(* Let $\mathcal P=(P_n)_{n\ge1}$ be a filtration on a Hilbert space $H$. Let $\mathcal J$ be the smallest closed subalgebra of $\mathcal F^{\mathcal P}$ containing all sequences $(P_nKP_n)_{n\ge1}$ with $K$ a compact operator on $H$. Then $\mathcal G^{\mathcal P}\subseteq\mathcal J$ if and only if $\mathcal P$ is injective, i.e. $P_n\ne P_m$ whenever $n\ne m$.
   Context: A filtration on a Hilbert space $H$ is a sequence $(P_n)$ of finite-rank orthogonal projections on $H$ converging strongly to the identity. $\mathcal F^{\mathcal P}$ is the set of all sequences $(A_n)$ of operators $A_n:\operatorname{im}P_n\to\operatorname{im}P_n$ such that $(A_nP_n)$ converges $^*$-strongly (i.e. $A_nP_n$ and $(A_nP_n)^*$ converge strongly) on $H$; with entrywise operations and the norm $\sup_n\|A_n\|$ it is a $C^*$-algebra. $\mathcal G^{\mathcal P}$ is the closed ideal of $\mathcal F^{\mathcal P}$ consisting of sequences with $\|A_n\|\to0$. *)

From Stdlib Require Import Reals List.
Open Scope R_scope.
Set Implicit Arguments.

Definition C : Type := (R * R)%type.
Definition C0 : C := (0, 0).
Definition C1 : C := (1, 0).
Definition Cadd (z w : C) : C := (fst z + fst w, snd z + snd w).
Definition Cmul (z w : C) : C :=
  (fst z * fst w - snd z * snd w, fst z * snd w + snd z * fst w).
Definition Cconj (z : C) : C := (fst z, - snd z).

Record Hilbert := {
  hcar :> Type;
  hzero : hcar;
  hadd : hcar -> hcar -> hcar;
  hopp : hcar -> hcar;
  hscal : C -> hcar -> hcar;
  inner : hcar -> hcar -> C;
  hadd_assoc : forall x y z, hadd x (hadd y z) = hadd (hadd x y) z;
  hadd_comm : forall x y, hadd x y = hadd y x;
  hadd_zero : forall x, hadd x hzero = x;
  hadd_opp : forall x, hadd x (hopp x) = hzero;
  hscal_one : forall x, hscal C1 x = x;
  hscal_mul : forall a b x, hscal a (hscal b x) = hscal (Cmul a b) x;
  hscal_addv : forall a x y, hscal a (hadd x y) = hadd (hscal a x) (hscal a y);
  hscal_adds : forall a b x, hscal (Cadd a b) x = hadd (hscal a x) (hscal b x);
  inner_add : forall x y z, inner (hadd x y) z = Cadd (inner x z) (inner y z);
  inner_scal : forall a x y, inner (hscal a x) y = Cmul a (inner x y);
  inner_sym : forall x y, inner y x = Cconj (inner x y);
  inner_pos : forall x, 0 <= fst (inner x x);
  inner_def : forall x, inner x x = C0 -> x = hzero;
  hcomplete : forall u : nat -> hcar,
    (forall eps, eps > 0 -> exists N, forall n m, (n >= N)%nat -> (m >= N)%nat ->
        sqrt (fst (inner (hadd (u n) (hopp (u m))) (hadd (u n) (hopp (u m))))) < eps) ->
    exists l, forall eps, eps > 0 -> exists N, forall n, (n >= N)%nat ->
        sqrt (fst (inner (hadd (u n) (hopp l)) (hadd (u n) (hopp l)))) < eps
}.

Arguments hzero {h}.
Arguments hadd {h}.
Arguments hopp {h}.
Arguments hscal {h}.
Arguments inner {h}.

Section Ops.
Variable H : Hilbert.

Definition hsub (x y : H) : H := hadd x (hopp y).
Definition hnorm (x : H) : R := sqrt (fst (inner x x)).

Definition hconv (u : nat -> H) (l : H) : Prop :=
  forall eps, eps > 0 -> exists N, forall n, (n >= N)%nat -> hnorm (hsub (u n) l) < eps.

Definition op := H -> H.

Definition is_linear (T : op) : Prop :=
  (forall x y, T (hadd x y) = hadd (T x) (T y)) /\
  (forall a x, T (hscal a x) = hscal a (T x)).

Definition opnorm_le (T : op) (r : R) : Prop :=
  forall x, hnorm (T x) <= r * hnorm x.

Definition is_adjoint (T S : op) : Prop :=
  forall x y, inner (T x) y = inner x (S y).

Definition orth_proj (P : op) : Prop :=
  is_linear P /\ (forall x, P (P x) = P x) /\ is_adjoint P P.

Fixpoint lincomb (cs : list C) (vs : list H) : H :=
  match cs, vs with
  | c :: cs', v :: vs' => hadd (hscal c v) (lincomb cs' vs')
  | _, _ => hzero
  end.

Definition finite_rank (T : op) : Prop :=
  exists vs : list H, forall x, exists cs : list C,
    length cs = length vs /\ T x = lincomb cs vs.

▸ AIM OF THE EXERCISE
Among the lines above, find those containing the word "Cadd" and copy each.

▸ SOLUTION TO THE PROBLEM
Definition Cadd (z w : C) : C := (fst z + fst w, snd z + snd w).
  hscal_adds : forall a b x, hscal (Cadd a b) x = hadd (hscal a x) (hscal b x);
  inner_add : forall x y z, inner (hadd x y) z = Cadd (inner x z) (inner y z);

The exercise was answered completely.